> **Exercise objective**
In the data below, the answer is the run of lines from the line containing "Proof. by rewrite /lhd; lia. Qed." through the line containing "Proof. by move=> /leq_qi; have := cf_bounds x; rewrite", both included; print it exactly and nothing else.
Input for this task START
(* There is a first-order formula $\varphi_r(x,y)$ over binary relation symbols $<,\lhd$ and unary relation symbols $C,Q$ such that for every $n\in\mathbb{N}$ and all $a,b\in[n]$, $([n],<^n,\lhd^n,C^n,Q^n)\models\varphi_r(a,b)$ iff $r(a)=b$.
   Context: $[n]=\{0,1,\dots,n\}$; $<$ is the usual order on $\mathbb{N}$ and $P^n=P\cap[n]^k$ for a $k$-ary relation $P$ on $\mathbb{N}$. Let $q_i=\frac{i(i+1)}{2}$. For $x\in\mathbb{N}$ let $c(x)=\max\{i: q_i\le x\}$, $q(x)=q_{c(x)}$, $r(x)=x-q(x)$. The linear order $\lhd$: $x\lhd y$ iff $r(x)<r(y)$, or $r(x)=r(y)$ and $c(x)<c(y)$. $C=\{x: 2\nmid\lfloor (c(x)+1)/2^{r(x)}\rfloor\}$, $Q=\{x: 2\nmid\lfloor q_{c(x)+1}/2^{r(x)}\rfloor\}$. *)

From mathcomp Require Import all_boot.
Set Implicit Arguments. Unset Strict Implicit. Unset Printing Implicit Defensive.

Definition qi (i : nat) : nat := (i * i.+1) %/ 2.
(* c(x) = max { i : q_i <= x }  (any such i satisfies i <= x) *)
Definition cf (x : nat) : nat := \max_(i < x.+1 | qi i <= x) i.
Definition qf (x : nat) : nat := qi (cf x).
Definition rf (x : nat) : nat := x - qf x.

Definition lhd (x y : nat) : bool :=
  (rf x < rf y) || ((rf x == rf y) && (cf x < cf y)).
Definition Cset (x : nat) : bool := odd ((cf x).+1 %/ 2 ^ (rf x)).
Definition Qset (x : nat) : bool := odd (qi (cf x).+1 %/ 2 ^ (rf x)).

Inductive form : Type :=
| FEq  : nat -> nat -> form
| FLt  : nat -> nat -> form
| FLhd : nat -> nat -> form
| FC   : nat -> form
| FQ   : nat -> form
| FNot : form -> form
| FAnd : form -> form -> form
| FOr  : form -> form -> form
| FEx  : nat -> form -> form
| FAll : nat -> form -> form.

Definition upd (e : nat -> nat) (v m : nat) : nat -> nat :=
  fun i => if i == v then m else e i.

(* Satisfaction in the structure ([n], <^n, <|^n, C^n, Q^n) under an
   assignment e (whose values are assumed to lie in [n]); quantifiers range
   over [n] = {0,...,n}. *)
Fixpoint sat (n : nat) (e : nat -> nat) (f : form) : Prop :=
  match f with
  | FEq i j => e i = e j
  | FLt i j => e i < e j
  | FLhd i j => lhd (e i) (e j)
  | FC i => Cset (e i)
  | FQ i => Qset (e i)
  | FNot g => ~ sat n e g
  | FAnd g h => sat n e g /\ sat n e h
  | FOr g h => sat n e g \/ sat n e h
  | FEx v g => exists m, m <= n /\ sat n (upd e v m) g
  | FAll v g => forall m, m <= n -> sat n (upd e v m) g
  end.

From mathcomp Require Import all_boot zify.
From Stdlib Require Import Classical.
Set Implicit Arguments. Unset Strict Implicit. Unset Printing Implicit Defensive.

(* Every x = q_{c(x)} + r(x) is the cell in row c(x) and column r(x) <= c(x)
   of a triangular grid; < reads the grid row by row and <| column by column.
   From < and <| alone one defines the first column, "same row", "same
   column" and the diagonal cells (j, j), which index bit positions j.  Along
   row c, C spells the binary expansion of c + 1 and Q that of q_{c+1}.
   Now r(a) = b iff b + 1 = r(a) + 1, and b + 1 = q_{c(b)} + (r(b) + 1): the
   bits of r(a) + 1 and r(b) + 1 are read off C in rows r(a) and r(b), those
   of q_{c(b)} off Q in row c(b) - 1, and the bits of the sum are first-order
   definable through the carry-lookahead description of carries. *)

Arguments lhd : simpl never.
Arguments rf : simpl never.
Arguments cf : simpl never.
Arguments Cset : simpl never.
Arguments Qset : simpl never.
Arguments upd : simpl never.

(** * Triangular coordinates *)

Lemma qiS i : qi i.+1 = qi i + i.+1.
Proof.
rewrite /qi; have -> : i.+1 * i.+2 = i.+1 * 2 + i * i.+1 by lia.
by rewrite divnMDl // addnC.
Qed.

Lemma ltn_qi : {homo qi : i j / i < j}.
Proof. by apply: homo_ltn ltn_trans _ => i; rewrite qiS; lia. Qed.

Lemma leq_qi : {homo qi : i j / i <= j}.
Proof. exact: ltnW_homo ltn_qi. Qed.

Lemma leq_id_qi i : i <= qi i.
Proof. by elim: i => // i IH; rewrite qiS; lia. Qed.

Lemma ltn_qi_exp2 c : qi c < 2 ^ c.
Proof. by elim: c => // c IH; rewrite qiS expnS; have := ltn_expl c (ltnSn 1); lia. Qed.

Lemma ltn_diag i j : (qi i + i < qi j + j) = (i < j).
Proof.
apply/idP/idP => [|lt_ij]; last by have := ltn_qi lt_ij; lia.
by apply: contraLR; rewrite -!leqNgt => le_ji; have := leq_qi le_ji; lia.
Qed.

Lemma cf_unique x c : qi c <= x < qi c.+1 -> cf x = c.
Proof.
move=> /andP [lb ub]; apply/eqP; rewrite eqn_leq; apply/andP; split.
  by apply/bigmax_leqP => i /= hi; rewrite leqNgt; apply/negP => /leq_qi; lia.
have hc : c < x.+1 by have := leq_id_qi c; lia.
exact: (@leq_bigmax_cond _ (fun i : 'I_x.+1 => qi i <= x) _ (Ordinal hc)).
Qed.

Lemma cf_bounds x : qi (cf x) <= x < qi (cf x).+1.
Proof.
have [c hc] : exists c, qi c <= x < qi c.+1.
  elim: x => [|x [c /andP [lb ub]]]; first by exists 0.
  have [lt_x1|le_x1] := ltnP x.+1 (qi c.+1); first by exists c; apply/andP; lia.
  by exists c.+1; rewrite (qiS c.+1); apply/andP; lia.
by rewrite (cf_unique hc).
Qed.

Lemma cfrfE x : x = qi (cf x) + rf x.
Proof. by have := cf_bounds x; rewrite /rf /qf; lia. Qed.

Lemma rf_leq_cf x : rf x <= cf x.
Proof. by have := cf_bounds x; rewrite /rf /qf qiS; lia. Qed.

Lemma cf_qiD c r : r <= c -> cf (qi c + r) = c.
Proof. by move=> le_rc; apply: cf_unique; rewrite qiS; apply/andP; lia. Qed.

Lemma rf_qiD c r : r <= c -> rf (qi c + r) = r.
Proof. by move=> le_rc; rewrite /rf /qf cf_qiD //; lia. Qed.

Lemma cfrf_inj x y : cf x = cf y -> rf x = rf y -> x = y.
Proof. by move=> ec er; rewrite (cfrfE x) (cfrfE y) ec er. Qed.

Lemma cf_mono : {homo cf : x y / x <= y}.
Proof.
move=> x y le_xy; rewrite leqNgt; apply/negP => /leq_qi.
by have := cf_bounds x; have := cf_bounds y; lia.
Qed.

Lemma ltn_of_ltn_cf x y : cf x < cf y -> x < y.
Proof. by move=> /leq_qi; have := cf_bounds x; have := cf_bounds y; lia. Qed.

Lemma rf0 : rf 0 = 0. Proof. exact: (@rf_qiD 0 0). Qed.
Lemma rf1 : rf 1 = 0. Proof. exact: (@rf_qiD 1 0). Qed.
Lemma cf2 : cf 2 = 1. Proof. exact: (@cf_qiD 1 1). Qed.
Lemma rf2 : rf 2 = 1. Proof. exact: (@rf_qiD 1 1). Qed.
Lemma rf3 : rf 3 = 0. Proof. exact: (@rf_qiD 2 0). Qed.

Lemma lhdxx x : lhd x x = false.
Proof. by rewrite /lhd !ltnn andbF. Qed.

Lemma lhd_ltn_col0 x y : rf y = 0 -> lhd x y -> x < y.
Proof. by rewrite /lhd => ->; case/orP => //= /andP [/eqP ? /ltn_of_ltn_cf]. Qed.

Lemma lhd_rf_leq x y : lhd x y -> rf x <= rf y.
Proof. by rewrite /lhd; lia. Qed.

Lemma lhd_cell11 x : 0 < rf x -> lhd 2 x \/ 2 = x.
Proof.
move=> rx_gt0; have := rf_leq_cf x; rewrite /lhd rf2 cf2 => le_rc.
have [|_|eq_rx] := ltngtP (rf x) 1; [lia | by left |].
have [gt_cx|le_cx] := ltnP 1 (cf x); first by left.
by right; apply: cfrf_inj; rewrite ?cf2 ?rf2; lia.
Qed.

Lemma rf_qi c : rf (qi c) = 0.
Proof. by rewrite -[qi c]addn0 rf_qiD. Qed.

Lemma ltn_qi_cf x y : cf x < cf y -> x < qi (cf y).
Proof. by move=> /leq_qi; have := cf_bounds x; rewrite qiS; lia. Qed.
Input for this task END
Input for this task START
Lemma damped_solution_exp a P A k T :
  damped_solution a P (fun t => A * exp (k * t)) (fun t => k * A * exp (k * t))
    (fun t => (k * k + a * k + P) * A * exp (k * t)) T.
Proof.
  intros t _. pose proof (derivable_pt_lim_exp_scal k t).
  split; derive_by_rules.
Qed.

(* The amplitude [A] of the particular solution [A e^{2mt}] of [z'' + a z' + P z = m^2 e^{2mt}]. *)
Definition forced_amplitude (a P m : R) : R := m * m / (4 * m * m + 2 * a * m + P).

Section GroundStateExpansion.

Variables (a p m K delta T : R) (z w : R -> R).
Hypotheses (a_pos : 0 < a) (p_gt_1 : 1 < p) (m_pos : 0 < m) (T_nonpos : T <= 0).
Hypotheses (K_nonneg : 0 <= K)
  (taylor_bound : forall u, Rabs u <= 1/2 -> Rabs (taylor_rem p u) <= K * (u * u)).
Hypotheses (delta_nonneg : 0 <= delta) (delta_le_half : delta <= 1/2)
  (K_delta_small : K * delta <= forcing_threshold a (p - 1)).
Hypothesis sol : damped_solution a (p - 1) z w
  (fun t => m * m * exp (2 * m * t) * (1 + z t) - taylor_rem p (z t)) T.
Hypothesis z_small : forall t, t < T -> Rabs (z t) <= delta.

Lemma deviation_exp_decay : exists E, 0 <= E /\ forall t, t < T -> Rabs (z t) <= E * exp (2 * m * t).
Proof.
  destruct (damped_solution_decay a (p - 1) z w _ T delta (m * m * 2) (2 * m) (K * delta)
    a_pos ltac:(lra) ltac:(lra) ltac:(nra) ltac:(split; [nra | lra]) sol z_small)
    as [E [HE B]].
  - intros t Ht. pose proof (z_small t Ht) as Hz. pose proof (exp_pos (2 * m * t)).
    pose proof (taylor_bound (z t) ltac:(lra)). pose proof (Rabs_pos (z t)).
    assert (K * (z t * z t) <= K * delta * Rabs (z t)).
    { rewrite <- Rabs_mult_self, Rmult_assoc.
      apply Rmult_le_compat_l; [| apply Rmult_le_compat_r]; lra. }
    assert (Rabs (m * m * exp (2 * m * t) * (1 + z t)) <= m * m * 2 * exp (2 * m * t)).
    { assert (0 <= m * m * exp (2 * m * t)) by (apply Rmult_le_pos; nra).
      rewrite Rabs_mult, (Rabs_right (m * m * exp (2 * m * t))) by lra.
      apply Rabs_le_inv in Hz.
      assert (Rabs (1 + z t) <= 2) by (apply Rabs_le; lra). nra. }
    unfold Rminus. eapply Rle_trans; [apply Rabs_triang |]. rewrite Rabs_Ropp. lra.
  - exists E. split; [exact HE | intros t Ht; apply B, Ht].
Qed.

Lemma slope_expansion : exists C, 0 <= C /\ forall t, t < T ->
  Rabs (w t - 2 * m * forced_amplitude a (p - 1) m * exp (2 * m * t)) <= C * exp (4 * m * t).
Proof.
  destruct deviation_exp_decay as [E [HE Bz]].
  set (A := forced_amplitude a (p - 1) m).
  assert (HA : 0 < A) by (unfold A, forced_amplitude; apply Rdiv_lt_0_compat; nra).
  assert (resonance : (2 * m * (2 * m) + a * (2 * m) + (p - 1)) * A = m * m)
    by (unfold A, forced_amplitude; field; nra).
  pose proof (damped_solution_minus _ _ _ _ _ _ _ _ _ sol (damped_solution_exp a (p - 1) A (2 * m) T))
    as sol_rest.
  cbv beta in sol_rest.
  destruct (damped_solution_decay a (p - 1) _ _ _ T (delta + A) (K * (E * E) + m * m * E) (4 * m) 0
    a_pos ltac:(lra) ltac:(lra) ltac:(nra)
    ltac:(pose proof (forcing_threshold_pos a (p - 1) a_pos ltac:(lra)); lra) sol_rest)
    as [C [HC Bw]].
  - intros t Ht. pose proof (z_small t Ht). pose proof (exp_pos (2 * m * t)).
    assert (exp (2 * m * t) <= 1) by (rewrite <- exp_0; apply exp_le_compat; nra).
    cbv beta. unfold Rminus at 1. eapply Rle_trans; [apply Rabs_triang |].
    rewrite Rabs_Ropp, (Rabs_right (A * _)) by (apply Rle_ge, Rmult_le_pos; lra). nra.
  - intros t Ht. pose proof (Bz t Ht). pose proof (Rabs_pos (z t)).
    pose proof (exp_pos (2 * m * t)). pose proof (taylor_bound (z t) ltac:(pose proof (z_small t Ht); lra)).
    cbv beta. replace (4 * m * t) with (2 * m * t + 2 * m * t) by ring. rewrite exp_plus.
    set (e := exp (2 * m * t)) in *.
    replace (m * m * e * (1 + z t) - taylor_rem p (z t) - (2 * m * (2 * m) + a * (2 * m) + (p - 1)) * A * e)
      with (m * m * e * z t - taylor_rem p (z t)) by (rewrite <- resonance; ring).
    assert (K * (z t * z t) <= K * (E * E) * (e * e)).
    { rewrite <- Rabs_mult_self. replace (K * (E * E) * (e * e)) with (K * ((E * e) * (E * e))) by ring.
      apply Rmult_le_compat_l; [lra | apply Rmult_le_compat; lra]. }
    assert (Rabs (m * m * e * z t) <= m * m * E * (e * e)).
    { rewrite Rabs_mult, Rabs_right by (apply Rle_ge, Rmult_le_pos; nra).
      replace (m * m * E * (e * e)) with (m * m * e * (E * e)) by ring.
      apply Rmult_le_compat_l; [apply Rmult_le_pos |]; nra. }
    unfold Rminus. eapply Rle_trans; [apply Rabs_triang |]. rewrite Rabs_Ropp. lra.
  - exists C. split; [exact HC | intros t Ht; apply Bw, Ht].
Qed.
Input for this task END
> **Written solution**
Proof. by rewrite /lhd; lia. Qed.

Lemma lhd_cell11 x : 0 < rf x -> lhd 2 x \/ 2 = x.
Proof.
move=> rx_gt0; have := rf_leq_cf x; rewrite /lhd rf2 cf2 => le_rc.
have [|_|eq_rx] := ltngtP (rf x) 1; [lia | by left |].
have [gt_cx|le_cx] := ltnP 1 (cf x); first by left.
by right; apply: cfrf_inj; rewrite ?cf2 ?rf2; lia.
Qed.

Lemma rf_qi c : rf (qi c) = 0.
Proof. by rewrite -[qi c]addn0 rf_qiD. Qed.

Lemma ltn_qi_cf x y : cf x < cf y -> x < qi (cf y).
Proof. by move=> /leq_qi; have := cf_bounds x; rewrite qiS; lia. Qed.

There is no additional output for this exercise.